Steamboat Olympians: Jasper Good

01/26/2018 12:25PM ● By Alesha Damerville

Image from U.S. Ski and Snowboard

STEAMBOAT SPRINGS- Jasper Good's passion for Nordic combined skiing began with the Steamboat Springs Winter Sports Club. Good has represented the U.S. in three Junior World Championships in Romania, Kazakhstan and the Czech Republic. His hard work and dedication has earned him a spot on the U.S. Ski and Snowboard Nordic Combined Team.

Good took a break to answer a few questions with Steamboat Magazine.

S.M. What is the most beautiful spot in Steamboat? 

J.G. The top of the big hill, the large jump of the ski jumps. You can watch everything, it’s beautiful up there.

S.M. What’s your favorite junk food? 

J.G. My mom’s homemade cookies. They’re white chocolate macadamia nut with cranberries.

S.M. Is jumping your favorite part about Steamboat? Is the Howelsen jump your favorite place to ski? 

J.G. It’s so hard to pin down one thing that is my favorite thing to do in steamboat. It literally depends on the season, but I’d say jumping in the winter. I also really love alpine skiing up on the resort. Ski jumping is one of my favorite things to do. Howelsen Hill was literally my childhood home. In the summer, I love mountain biking everywhere.

S.M. What’s your favorite fashion trend in winter sports or in ski jumping?

J.G. I like everyone with their sports sunglasses. It’s a transition back to the retro look a bit. The round sunglasses are pretty sweet, but it’s hard because we all have designated things we wear. I also love it when people have weird and crazy celebrations after runs. Those are pretty awesome.

S.M. Do you prefer small towns or big cities? Why? 

J.G. I definitely prefer small towns, because of all the activities I can do and how quickly I can access them. In steamboat I can ride my bike from my house and the resort is a ten minute ride away. Ease of access to outdoor activities.

S.M. What is your weakness?

J.G. Before this year my weakness was ski jumping. I set out to improve it a lot this year. Another is my overall fitness level, I don’t have as many hours of endurance as some of the older athletes. That’s something I’m always working at. Sometimes when I’m training I think too hard about what I’m doing. I try to do too many things at once instead of focusing on one.

S.M. How does it feel when you come home to Steamboat after traveling the world and suddenly knowing almost everyone in town? 

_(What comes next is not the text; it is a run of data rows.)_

Lemma gmulVr (x : G) : gmul G x (ginv G x) = gone G.
Proof.
  rewrite <- (gmul1 G (gmul G x (ginv G x))), <- (gmulV G (ginv G x)) at 1.
  rewrite <- gmulA, (gmulA G (ginv G x) x), gmulV, gmul1.
  apply gmulV.
Qed.

Lemma gmul1r (x : G) : gmul G x (gone G) = x.
Proof. rewrite <- (gmulV G x), gmulA, gmulVr. apply gmul1. Qed.

Lemma gmulKV (x y : G) : gmul G (ginv G x) (gmul G x y) = y.
Proof. rewrite gmulA, gmulV. apply gmul1. Qed.

Lemma gmul_cancel_l (x y z : G) : gmul G x y = gmul G x z -> y = z.
Proof. intros e. rewrite <- (gmulKV x y), e. apply gmulKV. Qed.

Lemma ginvK (x : G) : ginv G (ginv G x) = x.
Proof. apply (gmul_cancel_l (ginv G x)). rewrite gmulVr. symmetry. apply gmulV. Qed.

Lemma conj_gmulK (k h : G) :
  gmul G (ginv G k) (gmul G (gmul G k (gmul G h (ginv G k))) k) = h.
Proof. rewrite <- gmulA, gmulKV, <- gmulA, gmulV. apply gmul1r. Qed.

End GroupFacts.

Definition dec (P : Prop) : bool := if excluded_middle_informative P then true else false.

Lemma dec_true (P : Prop) : dec P = true <-> P.
Proof. unfold dec; destruct excluded_middle_informative; split; congruence || tauto. Qed.

Lemma dec_false (P : Prop) : dec P = false <-> ~ P.
Proof. unfold dec; destruct excluded_middle_informative; split; congruence || tauto. Qed.

Section InvCard.
Context {T : Type}.
Implicit Types A B C : T -> Prop.

Lemma fin_enum_length A l1 l2 : fin_enum A l1 -> fin_enum A l2 -> length l1 = length l2.
Proof.
  intros [N1 H1] [N2 H2].
  apply Nat.le_antisymm; apply NoDup_incl_length; auto; intros x Hx;
    [apply H2, H1 | apply H1, H2]; auto.
Qed.

Lemma inv_card_fin_enum A l : fin_enum A l -> inv_card A = / INR (length l).
Proof.
  intros Hl. unfold inv_card. destruct excluded_middle_informative as [Hfin|Hinf].
  - rewrite (fin_enum_length A _ l); auto. apply epsilon_spec; eauto.
  - exfalso; eauto.
Qed.

Lemma inv_card_infinite A : ~ (exists l, fin_enum A l) -> inv_card A = 0.
Proof. intros Hinf. unfold inv_card. destruct excluded_middle_informative; tauto. Qed.

Lemma inv_card_ge0 A : 0 <= inv_card A.
Proof.
  unfold inv_card. destruct excluded_middle_informative; [|lra].
  destruct (length _) as [|n].
  - simpl. rewrite Rinv_0. lra.
  - apply Rlt_le, Rinv_0_lt_compat, lt_0_INR. lia.
Qed.

Lemma fin_enum_nonempty A l x : fin_enum A l -> A x -> (0 < length l)%nat.
Proof. intros [_ Hl] Ax. apply Hl in Ax. destruct l; simpl in *; [contradiction | lia]. Qed.

Lemma inv_card_gt0 A l x : fin_enum A l -> A x -> 0 < inv_card A.
Proof.
  intros Hl Ax. rewrite (inv_card_fin_enum A l Hl).
  apply Rinv_0_lt_compat, lt_0_INR. eapply fin_enum_nonempty; eauto.
Qed.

J.G. It’s pretty awesome. It’s one of those things that’s hard to put into words. The feeling you get when you come home, you’re relieved and happy. It’s a happy place.

S.M. How often to you maintenance your skis and what goes into taking care of them?

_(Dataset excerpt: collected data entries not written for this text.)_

Lemma protocol_loglik_pointwise xn yn :
  P xn yn * \sum_i ln (W (tnth xn i) (tnth yn i)) - kernel xn yn * prod_channel W xn yn / Th%:R <=
  P xn yn * \sum_i ln (PX (tnth xn i)) + P xn yn * ln Th%:R - P xn yn.
Proof.
have Th_gt0 : 0 < Th%:R :> R by rewrite ltr0n protocol_index_gt0.
have [P0|P_neq0] := eqVneq (P xn yn) 0.
  rewrite P0 !mul0r !addr0 subr0 sub0r oppr_le0 divr_ge0 ?mulr_ge0 ?kernel_ge0 ?(ltW Th_gt0) //.
  by apply: prodr_ge0 => i _; exact: (W_channel _).1.
have iid_gt0 : 0 < iid PX xn.
  rewrite lt_def iid_ge0 andbT; apply: contra P_neq0 => /eqP iid0.
  by rewrite /P /protocol_joint iid0 mul0r.
have PX_gt0 i : 0 < PX (tnth xn i).
  rewrite lt_def PX_pmf.1 andbT; apply: contraTneq iid_gt0 => PXi0.
  by rewrite /iid (bigD1 i) //= PXi0 mul0r ltxx.
have ln_channel : ln (prod_channel W xn yn) = \sum_i ln (W (tnth xn i) (tnth yn i)).
  by apply: ln_prod => i _; exact: W_gt0.
have ln_iid : ln (iid PX xn) = \sum_i ln (PX (tnth xn i)) by exact: ln_prod.
have channel_gt0 : 0 < prod_channel W xn yn by apply: prodr_gt0 => i _; exact: W_gt0.
have := mul_ln_ratio_le (protocol_joint_ge0 xn yn) channel_gt0 (mulr_gt0 iid_gt0 Th_gt0).
rewrite lnM ?posrE // ln_channel ln_iid.
rewrite (_ : P xn yn * _ / _ = kernel xn yn * prod_channel W xn yn / Th%:R); last first.
  by rewrite /P /protocol_joint /kernel; field; rewrite !gt_eqF.
lra.
Qed.

Lemma protocol_loglik_le :
  \sum_xn \sum_yn P xn yn * \sum_i ln (W (tnth xn i) (tnth yn i)) <=
  \sum_xn \sum_yn P xn yn * \sum_i ln (PX (tnth xn i)) + ln Th%:R.
Proof.
have Th_gt0 : 0 < Th%:R :> R by rewrite ltr0n protocol_index_gt0.
rewrite -[ln _]mul1r -[X in X * ln _]sum_protocol_joint mulr_suml.
under [X in _ <= _ + X]eq_bigr do rewrite mulr_suml.
rewrite -big_split /=; under [X in _ <= X]eq_bigr do rewrite -big_split /=.
rewrite -subr_ge0 -sumrB; under eq_bigr do rewrite -sumrB.
apply: (@le_trans _ _ (\sum_xn \sum_yn (P xn yn - kernel xn yn * prod_channel W xn yn / Th%:R))).
  under eq_bigr do rewrite sumrB; rewrite sumrB sum_protocol_joint subr_ge0.
  under eq_bigr do rewrite -mulr_suml.
  by rewrite -mulr_suml ler_pdivrMr // mul1r; exact: sum_kernel_channel_le.
apply: ler_sum => xn _; apply: ler_sum => yn _.
have := protocol_loglik_pointwise xn yn; lra.
Qed.

Hypothesis n_gt0 : (0 < n)%N.

Lemma protocol_letter_marginal x : \sum_y letter_avg P x y = PX x.
Proof.
rewrite sum_letter_avgY (_ : (fun xn => _) = iid PX); first exact: letter_avg1_iid.
by apply: funext => xn; exact: sum_protocol_jointY.
Qed.

Lemma protocol_letter_loglik_le :
  \sum_x \sum_y letter_avg P x y * ln (W x y) <= - entropy PX + ln Th%:R / n%:R.
Proof.
have n_pos : 0 < n%:R :> R by rewrite ltr0n.
have letter_sum (F : X -> Y -> R) : \sum_xn \sum_yn P xn yn * \sum_i F (tnth xn i) (tnth yn i) =
    n%:R * \sum_x \sum_y letter_avg P x y * F x y.
  by rewrite sum_letter_avg mulVKf ?gt_eqF.
have marginal_loglik : \sum_x \sum_y letter_avg P x y * ln (PX x) = - entropy PX.
  rewrite /entropy opprK; apply: eq_bigr => x _.
  by rewrite -mulr_suml protocol_letter_marginal.
have := protocol_loglik_le.
rewrite (letter_sum (fun x y => ln (W x y))) (letter_sum (fun x _ => ln (PX x))).
rewrite marginal_loglik => loglik_le.
by rewrite -(ler_pM2l n_pos) mulrDr mulrCA mulfV ?gt_eqF ?mulr1.
Qed.

Let Pw xn yn := marg_Y P yn * prod_channel W xn yn.
Let Q := letter_avg1 (marg_Y P).

Lemma protocol_output_pmf : is_pmf Q.
Proof. by apply: (letter_avg1_pmf n_gt0); exact: marg_Y_pmf. Qed.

J.G. There’s daily maintenance on all the skis. It’s slightly different between jumping and cross country. We have a wax tech who spends the entire day working on our cross country skis. We take a fleet of skis and whittle down which type of wax is the best, based on the flex and grind on ski. We then narrow them down to 2 pairs to choose from on race day. We have to find the magic formula for the right wax to use. 

S.M. What is the dumbest thing you have ever seen someone do in your sport?

J.G. Our skis have a toe that you clip in and a heel clip in that goes into the back of the boot. The dumbest thing I’ve seen is someone forgetting to clip in the heel on the ski and jump. The ski goes flying behind you, it’s a bad thing to happen. There’s so much pressure on the front of the skis and the balance point is in back of the ski, so the ski flips backward. It's similar to holding up a piece of wood out of a window.

S.M. Is there something that you would give up ski jumping for? You could have anything in the world, but you have to give up your sport.

J.G. I don’t think there is anything in my life that would make me give up ski jumping. There’s nothing I have thought about that comes to the front of my mind that would be enough for me to quit jumping.

S.M. What’s the most real advice your coach has given you? 

J.G. A lot of athletes tend to focus and work on strengths. In order to improve you have to focus on weakness. It seems obvious, but it’s actually quite hard to spend time working on weakness. It’s not as fun to make improvements on those at first.